Data provided below:

Hypotheses (D0 : inD r0) (P1 : inP p1) (le10 : P_le p1 (Proj r0)).

Lemma le_n0_n1 : n0 <= n1.
Proof. by case: le10. Qed.

Lemma fnd_row a : a \in A1 -> p1.1.[? a] = Some (row a).
Proof. by move=> ha; rewrite /row (in_fnd ha). Qed.

Lemma size_row a : a \in A1 -> size (row a) = n1.
Proof. by move=> ha; apply: P1 (fnd_row ha). Qed.

Lemma old_mem a u : (rA r0).[? a] = Some u -> a \in A1.
Proof. by move=> ra; case: le10 => /(_ _ _ (ProjE ra)) [w pw _] _ _; rewrite -fndSome pw. Qed.

Lemma row_Proj a u : (rA r0).[? a] = Some u ->
  prefix (mkseq (proj_entry r0 a u) n0) (row a).
Proof. by move=> ra; case: le10 => /(_ _ _ (ProjE ra)) [w pw uw] _ _; rewrite /row pw. Qed.

Lemma row_sep a b u v i : a <> b -> (rA r0).[? a] = Some u -> (rA r0).[? b] = Some v ->
  n0 <= i < n1 -> nth 0 (row b) i <> nth 0 (row a) i.
Proof.
move=> ab ra rb lti; case: le10 => _ _ /(_ i a b (row a) (row b) lti ab); apply;
  by rewrite ?(ProjE ra) ?(ProjE rb) ?fnd_row // ?(old_mem ra) ?(old_mem rb).
Qed.

Lemma nth_row_code a : a \in A1 -> nth 0 (row a ++ [:: code a]) n1 = code a.
Proof. by move=> ha; rewrite nth_cat size_row // ltnn subnn. Qed.

Lemma branch_old a u : (rA r0).[? a] = Some u ->
  branch a = u ++ drop n0 (row a) ++ [:: code a].
Proof. by rewrite /branch => ->. Qed.

Lemma branch_new a : (rA r0).[? a] = None -> branch a = row a ++ [:: code a].
Proof. by rewrite /branch => ->; rewrite /= catA cat_take_drop. Qed.

Lemma prefix_branch a u : (rA r0).[? a] = Some u -> prefix u (branch a).
Proof. by move/branch_old ->; apply: prefix_prefix. Qed.

Lemma size_branch a : a \in A1 -> size (branch a) = n1.+1.
Proof.
move=> ha; have size_a := size_row ha.
case ra: (rA r0).[? a] => [u|]; last by rewrite branch_new // size_cat size_a addn1.
rewrite (branch_old ra) !size_cat size_drop (inD_size D0 ra) size_a /=.
by rewrite addn1 addnS subnKC ?le_n0_n1.
Qed.

Lemma nth_branch a i : a \in A1 -> n0 <= i ->
  nth 0 (branch a) i = nth 0 (row a ++ [:: code a]) i.
Proof.
move=> ha le0i; case ra: (rA r0).[? a] => [u|]; last by rewrite branch_new.
rewrite (branch_old ra) -[row a in RHS](cat_take_drop n0) -catA !nth_cat.
by rewrite (inD_size D0 ra) size_takel ?size_row ?le_n0_n1 // ltnNge le0i.
Qed.

Lemma nth_branch_code a : a \in A1 -> nth 0 (branch a) n1 = code a.
Proof. by move=> ha; rewrite nth_branch ?le_n0_n1 // nth_row_code. Qed.

Lemma code_inj : {in A1 &, injective code}.
Proof. by move=> a b ha hb; apply: index_inj. Qed.

Lemma value_lt_bound x : x \in values -> x < bound.
Proof. by move=> hx; rewrite ltnS (leq_trans _ (leq_addr _ _)) ?leq_bigmax_seq. Qed.

Lemma wf_lt_bound s x : f0.[? s] = Some x -> x < bound.
Proof.
by move=> f0s; apply: value_lt_bound; rewrite mem_cat; apply/orP; left; apply/codomfP; exists s.
Qed.

Lemma row_lt_bound a x : x \in row a -> x < bound.
Proof.
rewrite /row; case pa: p1.1.[? a] => [v|] //= xv; apply: value_lt_bound.
by rewrite !mem_cat; apply/or3P/Or33/flattenP; exists v => //; apply/codomfP; exists a.
Qed.

Lemma branch_lt_bound a x : a \in A1 -> x \in branch a -> x < bound.
Proof.
move=> ha; rewrite /branch !mem_cat => /or3P [| /mem_drop/row_lt_bound // |].
- case ra: (rA r0).[? a] => [u|] /= => [xu | /mem_take/row_lt_bound //].
  apply: value_lt_bound; rewrite !mem_cat; apply/or3P/Or32/flattenP.
  by exists u => //; apply/codomfP; exists a.
- rewrite mem_seq1 => /eqP ->; rewrite /bound ltnS.
  by apply: leq_trans (leq_addl _ _); apply: ltnW; rewrite /code index_mem.
Qed.

Lemma nodesP s : reflect (exists2 a, a \in A1 & prefix s (branch a)) (s \in nodes).
Proof.
apply: (iffP idP) => [/imfset2P [a ha [k _ ->]] | [a ha sa]].
  by exists a => //; apply: prefix_take.
apply/imfset2P; exists a => //; exists (size s); last exact: prefix_takeE.
by rewrite mem_iota add0n ltnS -(size_branch ha) size_prefix.
Qed.

Lemma take_branch_nodes a k : a \in A1 -> take k (branch a) \in nodes.
Proof. by move=> ha; apply/nodesP; exists a => //; apply: prefix_take. Qed.

Lemma wf_nodes s : f0.[? s] <> None -> s \in nodes.
Proof.
case/(inD_wfP D0) => a [u [ra su]]; apply/nodesP; exists a; first exact: old_mem ra.
exact: prefix_trans su (prefix_branch ra).
Qed.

End of Data provided.

A single number is expected: how many lines of the data hold the string "flattenP".

2